Stored data
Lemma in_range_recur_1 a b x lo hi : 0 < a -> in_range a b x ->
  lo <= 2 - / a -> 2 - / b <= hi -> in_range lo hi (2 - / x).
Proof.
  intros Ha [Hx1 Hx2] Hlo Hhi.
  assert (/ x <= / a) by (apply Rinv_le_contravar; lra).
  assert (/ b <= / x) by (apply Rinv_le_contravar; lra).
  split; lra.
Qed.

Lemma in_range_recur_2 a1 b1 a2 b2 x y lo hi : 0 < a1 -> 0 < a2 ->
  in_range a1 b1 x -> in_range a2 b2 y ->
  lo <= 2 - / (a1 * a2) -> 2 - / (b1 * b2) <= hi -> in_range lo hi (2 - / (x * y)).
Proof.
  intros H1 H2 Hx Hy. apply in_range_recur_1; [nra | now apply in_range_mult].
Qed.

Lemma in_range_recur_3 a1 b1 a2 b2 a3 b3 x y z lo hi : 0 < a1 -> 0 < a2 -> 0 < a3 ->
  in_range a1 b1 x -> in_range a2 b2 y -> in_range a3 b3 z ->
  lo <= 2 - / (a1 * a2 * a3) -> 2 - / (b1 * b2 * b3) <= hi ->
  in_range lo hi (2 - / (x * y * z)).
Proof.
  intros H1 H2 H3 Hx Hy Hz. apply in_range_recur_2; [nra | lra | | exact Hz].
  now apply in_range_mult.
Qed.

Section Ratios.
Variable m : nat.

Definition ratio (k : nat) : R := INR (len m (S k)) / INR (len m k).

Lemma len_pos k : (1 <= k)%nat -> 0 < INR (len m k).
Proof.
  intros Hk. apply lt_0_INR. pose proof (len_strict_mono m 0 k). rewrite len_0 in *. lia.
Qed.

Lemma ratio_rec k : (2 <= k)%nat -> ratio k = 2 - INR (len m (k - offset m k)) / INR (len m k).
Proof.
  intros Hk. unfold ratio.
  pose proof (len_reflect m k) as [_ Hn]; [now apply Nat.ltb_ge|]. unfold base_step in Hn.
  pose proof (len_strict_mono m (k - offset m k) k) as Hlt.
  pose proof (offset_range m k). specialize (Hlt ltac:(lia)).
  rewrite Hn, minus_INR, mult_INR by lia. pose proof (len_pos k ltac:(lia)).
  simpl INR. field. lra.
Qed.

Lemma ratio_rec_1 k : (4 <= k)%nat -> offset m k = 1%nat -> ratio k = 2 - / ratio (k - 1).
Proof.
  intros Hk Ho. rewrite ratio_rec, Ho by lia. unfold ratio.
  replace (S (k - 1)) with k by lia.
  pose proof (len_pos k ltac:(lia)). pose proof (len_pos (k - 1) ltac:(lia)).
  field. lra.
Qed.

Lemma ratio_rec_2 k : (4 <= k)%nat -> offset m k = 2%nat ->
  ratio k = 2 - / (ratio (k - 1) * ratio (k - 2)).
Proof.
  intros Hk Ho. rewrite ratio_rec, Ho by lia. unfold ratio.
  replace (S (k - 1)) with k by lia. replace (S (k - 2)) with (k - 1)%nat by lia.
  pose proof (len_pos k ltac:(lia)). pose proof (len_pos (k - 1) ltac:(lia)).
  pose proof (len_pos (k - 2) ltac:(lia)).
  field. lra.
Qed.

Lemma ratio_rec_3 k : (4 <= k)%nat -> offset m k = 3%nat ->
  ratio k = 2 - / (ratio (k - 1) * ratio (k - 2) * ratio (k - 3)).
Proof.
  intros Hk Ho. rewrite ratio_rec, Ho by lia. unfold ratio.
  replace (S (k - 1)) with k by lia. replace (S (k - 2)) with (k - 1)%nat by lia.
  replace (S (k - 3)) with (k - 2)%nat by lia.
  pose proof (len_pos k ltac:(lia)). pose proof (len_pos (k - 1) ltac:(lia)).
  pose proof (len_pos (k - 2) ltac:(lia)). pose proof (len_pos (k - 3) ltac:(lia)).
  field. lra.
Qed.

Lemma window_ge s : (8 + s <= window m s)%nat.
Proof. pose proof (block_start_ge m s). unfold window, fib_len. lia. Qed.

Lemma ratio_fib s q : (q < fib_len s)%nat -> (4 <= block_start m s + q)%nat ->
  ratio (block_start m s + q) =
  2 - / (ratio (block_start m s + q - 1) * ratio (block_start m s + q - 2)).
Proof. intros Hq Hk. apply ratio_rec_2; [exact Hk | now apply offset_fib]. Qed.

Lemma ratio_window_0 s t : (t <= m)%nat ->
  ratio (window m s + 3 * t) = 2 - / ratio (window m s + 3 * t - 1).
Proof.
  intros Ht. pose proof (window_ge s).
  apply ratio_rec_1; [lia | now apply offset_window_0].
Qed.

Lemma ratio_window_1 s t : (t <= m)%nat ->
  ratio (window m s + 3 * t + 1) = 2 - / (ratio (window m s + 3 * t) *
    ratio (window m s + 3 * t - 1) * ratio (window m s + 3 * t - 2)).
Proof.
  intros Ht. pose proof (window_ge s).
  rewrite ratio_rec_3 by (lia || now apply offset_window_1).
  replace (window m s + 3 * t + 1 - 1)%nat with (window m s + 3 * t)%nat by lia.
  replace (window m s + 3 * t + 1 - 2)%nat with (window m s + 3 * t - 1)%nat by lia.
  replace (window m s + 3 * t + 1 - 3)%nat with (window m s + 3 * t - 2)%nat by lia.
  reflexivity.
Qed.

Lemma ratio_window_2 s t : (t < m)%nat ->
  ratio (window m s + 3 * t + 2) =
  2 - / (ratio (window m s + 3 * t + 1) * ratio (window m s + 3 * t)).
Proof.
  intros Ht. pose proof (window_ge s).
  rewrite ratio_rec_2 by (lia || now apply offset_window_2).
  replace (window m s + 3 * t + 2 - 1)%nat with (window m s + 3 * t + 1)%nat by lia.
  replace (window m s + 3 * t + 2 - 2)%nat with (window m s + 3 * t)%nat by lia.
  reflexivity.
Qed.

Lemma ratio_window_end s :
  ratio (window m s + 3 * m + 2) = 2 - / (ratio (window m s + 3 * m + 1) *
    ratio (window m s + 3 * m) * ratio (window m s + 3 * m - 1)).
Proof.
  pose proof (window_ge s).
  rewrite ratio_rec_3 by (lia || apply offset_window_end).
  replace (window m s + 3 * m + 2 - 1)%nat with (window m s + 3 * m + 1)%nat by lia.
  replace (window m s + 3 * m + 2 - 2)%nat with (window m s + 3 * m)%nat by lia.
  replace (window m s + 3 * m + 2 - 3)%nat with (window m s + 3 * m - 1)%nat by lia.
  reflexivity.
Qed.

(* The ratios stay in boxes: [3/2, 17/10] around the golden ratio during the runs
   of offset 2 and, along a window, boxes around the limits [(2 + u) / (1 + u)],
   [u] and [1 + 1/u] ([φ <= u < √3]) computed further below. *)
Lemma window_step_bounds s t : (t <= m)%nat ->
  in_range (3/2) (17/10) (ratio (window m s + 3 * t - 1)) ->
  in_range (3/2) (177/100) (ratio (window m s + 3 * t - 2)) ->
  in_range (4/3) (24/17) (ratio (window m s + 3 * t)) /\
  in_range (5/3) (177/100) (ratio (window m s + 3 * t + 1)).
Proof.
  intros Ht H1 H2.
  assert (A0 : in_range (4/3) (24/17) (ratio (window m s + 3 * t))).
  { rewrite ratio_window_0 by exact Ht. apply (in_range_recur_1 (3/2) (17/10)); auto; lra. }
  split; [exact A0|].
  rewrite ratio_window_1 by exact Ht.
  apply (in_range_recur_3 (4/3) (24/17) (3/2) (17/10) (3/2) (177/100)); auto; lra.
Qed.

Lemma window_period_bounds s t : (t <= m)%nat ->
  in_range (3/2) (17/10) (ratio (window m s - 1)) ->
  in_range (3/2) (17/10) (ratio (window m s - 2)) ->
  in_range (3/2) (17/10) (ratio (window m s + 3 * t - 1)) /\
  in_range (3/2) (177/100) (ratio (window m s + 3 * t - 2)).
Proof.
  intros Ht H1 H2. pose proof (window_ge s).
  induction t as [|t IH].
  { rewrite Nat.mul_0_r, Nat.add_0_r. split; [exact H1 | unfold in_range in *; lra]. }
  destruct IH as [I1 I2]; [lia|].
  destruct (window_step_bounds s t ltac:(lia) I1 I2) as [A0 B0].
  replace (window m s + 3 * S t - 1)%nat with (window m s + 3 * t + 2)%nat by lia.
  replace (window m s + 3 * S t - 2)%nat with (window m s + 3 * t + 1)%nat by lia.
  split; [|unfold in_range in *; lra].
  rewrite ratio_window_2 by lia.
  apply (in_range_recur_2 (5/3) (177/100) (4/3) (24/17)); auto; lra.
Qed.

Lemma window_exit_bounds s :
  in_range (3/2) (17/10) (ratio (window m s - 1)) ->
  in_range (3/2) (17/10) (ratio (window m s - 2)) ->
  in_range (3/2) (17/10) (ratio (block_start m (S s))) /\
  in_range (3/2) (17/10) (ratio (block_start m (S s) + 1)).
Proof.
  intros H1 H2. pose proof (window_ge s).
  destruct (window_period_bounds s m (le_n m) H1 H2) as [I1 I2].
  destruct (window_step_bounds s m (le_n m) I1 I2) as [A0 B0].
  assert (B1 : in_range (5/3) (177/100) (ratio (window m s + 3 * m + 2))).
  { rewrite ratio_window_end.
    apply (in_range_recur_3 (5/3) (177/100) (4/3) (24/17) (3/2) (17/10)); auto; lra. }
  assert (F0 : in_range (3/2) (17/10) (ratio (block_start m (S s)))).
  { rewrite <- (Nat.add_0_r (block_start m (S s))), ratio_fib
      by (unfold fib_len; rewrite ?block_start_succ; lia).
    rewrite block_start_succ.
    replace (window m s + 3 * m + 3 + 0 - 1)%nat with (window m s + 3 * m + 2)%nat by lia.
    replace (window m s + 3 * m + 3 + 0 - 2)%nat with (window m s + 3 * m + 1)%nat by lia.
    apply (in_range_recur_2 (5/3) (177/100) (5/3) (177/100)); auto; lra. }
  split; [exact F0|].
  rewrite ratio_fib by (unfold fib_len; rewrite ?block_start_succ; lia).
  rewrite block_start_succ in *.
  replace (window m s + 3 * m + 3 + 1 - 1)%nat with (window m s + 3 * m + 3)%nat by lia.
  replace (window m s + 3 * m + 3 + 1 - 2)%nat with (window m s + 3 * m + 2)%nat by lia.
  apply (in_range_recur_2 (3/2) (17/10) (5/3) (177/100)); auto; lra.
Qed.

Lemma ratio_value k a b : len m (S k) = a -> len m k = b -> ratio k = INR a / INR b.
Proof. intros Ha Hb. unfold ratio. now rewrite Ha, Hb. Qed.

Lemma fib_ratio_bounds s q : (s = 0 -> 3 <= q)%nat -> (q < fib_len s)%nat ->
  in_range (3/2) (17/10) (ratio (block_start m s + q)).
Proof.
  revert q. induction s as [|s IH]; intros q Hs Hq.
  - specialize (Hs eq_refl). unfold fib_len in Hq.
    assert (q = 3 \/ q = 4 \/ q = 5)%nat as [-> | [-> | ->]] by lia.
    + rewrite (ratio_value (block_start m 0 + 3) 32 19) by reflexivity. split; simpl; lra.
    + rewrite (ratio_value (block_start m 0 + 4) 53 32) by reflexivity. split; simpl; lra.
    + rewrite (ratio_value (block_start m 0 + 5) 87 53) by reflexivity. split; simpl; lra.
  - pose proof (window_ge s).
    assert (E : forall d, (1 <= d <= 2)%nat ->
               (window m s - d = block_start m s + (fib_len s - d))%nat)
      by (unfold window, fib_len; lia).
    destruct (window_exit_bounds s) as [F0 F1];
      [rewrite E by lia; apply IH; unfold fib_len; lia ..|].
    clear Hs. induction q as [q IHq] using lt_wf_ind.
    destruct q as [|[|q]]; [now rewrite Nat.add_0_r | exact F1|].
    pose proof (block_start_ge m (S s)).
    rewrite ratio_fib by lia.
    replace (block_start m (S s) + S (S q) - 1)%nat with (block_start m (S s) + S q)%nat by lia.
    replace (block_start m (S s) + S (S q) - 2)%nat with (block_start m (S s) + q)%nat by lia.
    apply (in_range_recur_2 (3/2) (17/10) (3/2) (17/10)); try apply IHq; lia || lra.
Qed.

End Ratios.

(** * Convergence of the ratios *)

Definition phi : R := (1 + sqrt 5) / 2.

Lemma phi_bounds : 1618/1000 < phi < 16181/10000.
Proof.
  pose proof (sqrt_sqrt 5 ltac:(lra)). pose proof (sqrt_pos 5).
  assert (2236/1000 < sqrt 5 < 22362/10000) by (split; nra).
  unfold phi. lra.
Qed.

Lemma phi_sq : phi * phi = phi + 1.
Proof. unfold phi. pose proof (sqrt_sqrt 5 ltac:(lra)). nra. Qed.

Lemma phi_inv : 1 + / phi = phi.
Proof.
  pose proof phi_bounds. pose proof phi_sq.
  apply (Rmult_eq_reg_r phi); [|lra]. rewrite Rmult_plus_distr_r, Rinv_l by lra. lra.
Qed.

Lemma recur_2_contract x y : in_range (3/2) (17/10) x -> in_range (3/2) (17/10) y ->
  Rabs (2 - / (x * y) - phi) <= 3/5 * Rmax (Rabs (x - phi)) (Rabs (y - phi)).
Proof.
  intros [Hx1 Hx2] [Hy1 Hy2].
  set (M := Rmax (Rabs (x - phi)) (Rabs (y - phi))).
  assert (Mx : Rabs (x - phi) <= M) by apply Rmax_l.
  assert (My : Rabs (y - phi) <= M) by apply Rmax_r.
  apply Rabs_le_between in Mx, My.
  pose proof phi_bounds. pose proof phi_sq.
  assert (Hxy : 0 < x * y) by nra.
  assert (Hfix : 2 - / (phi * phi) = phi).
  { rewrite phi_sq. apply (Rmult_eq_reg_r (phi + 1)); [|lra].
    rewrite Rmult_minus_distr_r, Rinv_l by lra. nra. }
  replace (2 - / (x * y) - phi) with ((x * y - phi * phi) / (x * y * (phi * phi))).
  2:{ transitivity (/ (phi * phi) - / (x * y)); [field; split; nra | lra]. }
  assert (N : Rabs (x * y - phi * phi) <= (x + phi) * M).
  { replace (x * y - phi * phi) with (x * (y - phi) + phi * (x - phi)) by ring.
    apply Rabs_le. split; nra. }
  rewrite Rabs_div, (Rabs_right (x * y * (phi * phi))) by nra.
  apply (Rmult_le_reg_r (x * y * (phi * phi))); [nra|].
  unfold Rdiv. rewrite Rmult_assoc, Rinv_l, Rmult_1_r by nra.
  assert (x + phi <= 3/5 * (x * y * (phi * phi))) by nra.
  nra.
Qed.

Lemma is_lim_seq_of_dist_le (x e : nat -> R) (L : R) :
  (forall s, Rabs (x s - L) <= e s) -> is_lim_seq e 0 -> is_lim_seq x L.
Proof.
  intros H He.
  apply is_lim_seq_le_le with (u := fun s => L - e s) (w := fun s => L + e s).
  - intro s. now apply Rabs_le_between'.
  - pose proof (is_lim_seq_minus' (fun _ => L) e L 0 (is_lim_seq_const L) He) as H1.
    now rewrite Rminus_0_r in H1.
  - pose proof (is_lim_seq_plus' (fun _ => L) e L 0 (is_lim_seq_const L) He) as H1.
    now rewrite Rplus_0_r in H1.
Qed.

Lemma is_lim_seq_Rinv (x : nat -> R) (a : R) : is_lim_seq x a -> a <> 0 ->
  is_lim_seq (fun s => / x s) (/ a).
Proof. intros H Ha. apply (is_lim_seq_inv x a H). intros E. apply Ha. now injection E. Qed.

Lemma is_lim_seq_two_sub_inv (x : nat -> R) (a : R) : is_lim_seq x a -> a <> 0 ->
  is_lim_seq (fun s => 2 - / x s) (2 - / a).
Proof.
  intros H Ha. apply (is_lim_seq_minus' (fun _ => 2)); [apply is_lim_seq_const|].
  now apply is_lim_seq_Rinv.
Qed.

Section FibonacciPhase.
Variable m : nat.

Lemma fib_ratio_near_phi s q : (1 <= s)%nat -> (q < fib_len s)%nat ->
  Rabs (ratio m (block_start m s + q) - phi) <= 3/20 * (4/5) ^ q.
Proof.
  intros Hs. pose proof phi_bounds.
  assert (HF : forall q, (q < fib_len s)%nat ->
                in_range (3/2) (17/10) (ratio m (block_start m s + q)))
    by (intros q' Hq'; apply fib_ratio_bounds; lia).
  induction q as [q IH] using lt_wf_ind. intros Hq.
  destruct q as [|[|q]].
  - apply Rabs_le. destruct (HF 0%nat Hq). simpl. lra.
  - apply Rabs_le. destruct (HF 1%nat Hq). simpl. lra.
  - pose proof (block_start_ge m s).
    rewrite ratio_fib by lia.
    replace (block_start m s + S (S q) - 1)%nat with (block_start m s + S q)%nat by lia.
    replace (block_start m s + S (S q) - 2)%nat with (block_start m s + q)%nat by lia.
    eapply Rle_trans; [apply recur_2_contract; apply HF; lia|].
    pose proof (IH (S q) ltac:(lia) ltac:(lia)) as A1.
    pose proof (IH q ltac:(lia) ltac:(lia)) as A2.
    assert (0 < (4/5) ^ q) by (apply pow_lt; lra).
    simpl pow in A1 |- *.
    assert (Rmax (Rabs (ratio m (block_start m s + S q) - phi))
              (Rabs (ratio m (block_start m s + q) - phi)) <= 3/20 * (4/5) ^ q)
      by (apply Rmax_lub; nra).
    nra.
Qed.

WHAT IS EXPECTED: Look above for the line with "Lemma phi_inv : 1 + / phi = phi."; retype exactly that line, every line after it up to the line with "Lemma recur_2_contract x", and that line too, nothing else.

SOLUTION TO THIS PROBLEM:
Lemma phi_inv : 1 + / phi = phi.
Proof.
  pose proof phi_bounds. pose proof phi_sq.
  apply (Rmult_eq_reg_r phi); [|lra]. rewrite Rmult_plus_distr_r, Rinv_l by lra. lra.
Qed.

Lemma recur_2_contract x y : in_range (3/2) (17/10) x -> in_range (3/2) (17/10) y ->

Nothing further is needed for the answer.